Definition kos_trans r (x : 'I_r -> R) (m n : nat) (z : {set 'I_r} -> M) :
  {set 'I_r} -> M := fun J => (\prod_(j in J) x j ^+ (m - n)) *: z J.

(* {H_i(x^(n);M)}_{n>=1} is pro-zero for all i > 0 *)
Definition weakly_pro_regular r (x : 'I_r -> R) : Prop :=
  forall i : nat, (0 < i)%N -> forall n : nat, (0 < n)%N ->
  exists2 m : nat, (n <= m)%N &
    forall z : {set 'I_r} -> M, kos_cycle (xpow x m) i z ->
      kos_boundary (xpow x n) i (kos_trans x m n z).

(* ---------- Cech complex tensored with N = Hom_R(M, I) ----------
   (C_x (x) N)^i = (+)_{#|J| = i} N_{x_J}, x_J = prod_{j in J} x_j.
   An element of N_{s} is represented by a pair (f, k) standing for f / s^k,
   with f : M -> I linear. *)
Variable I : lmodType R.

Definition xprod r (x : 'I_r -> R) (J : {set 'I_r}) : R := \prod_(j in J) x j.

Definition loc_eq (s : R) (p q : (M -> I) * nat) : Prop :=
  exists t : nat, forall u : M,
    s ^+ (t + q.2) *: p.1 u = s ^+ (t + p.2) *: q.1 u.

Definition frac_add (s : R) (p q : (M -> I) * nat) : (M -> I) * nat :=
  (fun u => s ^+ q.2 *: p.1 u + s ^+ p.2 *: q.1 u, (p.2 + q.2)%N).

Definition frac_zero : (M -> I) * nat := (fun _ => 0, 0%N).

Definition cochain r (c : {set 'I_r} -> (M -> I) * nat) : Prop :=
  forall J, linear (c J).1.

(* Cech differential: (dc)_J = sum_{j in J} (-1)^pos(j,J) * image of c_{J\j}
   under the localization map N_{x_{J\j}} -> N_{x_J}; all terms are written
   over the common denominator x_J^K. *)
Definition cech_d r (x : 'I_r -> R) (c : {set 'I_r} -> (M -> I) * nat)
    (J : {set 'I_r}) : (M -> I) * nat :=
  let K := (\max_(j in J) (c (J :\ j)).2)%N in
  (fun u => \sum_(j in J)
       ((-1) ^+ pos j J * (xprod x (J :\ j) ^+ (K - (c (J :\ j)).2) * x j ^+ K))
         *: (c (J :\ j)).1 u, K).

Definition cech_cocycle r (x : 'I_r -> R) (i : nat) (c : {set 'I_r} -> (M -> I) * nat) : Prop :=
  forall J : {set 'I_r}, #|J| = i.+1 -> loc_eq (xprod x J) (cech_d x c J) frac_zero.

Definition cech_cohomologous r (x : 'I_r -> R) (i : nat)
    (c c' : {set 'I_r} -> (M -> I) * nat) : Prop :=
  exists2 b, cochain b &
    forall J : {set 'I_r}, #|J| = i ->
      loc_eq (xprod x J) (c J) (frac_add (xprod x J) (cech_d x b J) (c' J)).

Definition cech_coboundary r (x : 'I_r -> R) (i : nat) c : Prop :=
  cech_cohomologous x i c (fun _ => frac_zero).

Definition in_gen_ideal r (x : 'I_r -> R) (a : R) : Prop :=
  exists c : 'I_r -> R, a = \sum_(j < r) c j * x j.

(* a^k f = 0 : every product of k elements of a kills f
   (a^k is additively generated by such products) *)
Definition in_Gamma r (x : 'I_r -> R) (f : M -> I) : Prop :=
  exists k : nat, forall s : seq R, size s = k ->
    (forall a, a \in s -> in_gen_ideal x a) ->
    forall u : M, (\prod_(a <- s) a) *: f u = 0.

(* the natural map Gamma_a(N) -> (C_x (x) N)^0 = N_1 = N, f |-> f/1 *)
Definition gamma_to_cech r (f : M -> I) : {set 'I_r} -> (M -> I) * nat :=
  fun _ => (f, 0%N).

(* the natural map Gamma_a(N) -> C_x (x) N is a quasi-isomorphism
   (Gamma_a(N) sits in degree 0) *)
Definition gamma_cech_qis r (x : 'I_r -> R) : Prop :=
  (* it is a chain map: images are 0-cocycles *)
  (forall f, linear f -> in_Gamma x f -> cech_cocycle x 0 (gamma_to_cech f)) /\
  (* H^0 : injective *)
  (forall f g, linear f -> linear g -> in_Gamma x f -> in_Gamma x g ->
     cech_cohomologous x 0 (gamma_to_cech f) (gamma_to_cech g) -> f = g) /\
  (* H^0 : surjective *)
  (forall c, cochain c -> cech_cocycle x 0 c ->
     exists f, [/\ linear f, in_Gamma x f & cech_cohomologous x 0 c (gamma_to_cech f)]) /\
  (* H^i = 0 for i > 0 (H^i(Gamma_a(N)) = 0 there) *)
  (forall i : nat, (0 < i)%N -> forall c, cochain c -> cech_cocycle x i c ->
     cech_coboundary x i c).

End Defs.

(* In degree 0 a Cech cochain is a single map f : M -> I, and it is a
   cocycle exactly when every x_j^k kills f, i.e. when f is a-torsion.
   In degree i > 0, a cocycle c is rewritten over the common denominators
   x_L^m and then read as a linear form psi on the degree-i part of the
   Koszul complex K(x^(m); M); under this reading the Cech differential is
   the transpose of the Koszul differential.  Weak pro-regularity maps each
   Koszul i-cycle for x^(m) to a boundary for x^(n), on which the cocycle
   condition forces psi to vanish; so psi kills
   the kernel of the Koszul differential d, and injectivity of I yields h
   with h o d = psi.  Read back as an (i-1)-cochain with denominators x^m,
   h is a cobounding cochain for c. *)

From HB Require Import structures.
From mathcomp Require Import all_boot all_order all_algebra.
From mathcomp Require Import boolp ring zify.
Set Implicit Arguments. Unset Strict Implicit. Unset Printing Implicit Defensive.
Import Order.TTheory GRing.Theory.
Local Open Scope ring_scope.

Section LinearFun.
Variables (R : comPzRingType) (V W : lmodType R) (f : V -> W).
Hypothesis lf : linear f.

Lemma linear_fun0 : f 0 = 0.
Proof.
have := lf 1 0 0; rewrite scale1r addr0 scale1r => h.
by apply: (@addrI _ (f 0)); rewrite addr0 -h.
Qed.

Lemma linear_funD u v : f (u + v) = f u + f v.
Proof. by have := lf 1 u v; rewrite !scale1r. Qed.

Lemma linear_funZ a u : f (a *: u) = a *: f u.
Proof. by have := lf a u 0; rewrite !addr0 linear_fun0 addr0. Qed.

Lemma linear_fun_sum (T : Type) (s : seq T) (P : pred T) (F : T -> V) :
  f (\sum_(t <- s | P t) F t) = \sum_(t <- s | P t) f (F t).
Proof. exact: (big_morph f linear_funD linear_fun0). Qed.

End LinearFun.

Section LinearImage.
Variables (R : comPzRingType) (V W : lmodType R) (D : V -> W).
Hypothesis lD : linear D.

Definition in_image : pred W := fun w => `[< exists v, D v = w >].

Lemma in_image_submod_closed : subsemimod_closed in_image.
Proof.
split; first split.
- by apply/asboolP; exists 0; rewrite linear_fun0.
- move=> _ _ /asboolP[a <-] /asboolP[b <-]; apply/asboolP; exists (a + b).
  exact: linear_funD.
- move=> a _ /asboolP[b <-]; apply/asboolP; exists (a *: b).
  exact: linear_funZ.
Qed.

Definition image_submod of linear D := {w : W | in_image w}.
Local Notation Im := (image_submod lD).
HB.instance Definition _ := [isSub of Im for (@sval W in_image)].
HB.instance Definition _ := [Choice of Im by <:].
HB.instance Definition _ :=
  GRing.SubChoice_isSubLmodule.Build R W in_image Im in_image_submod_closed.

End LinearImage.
▬▬▬▬▬▬▬▬▬▬
◆ About this exercise: Copy out every line of the data that includes "Section".

◆ Solution to this exercise:
Section LinearFun.
Section LinearImage.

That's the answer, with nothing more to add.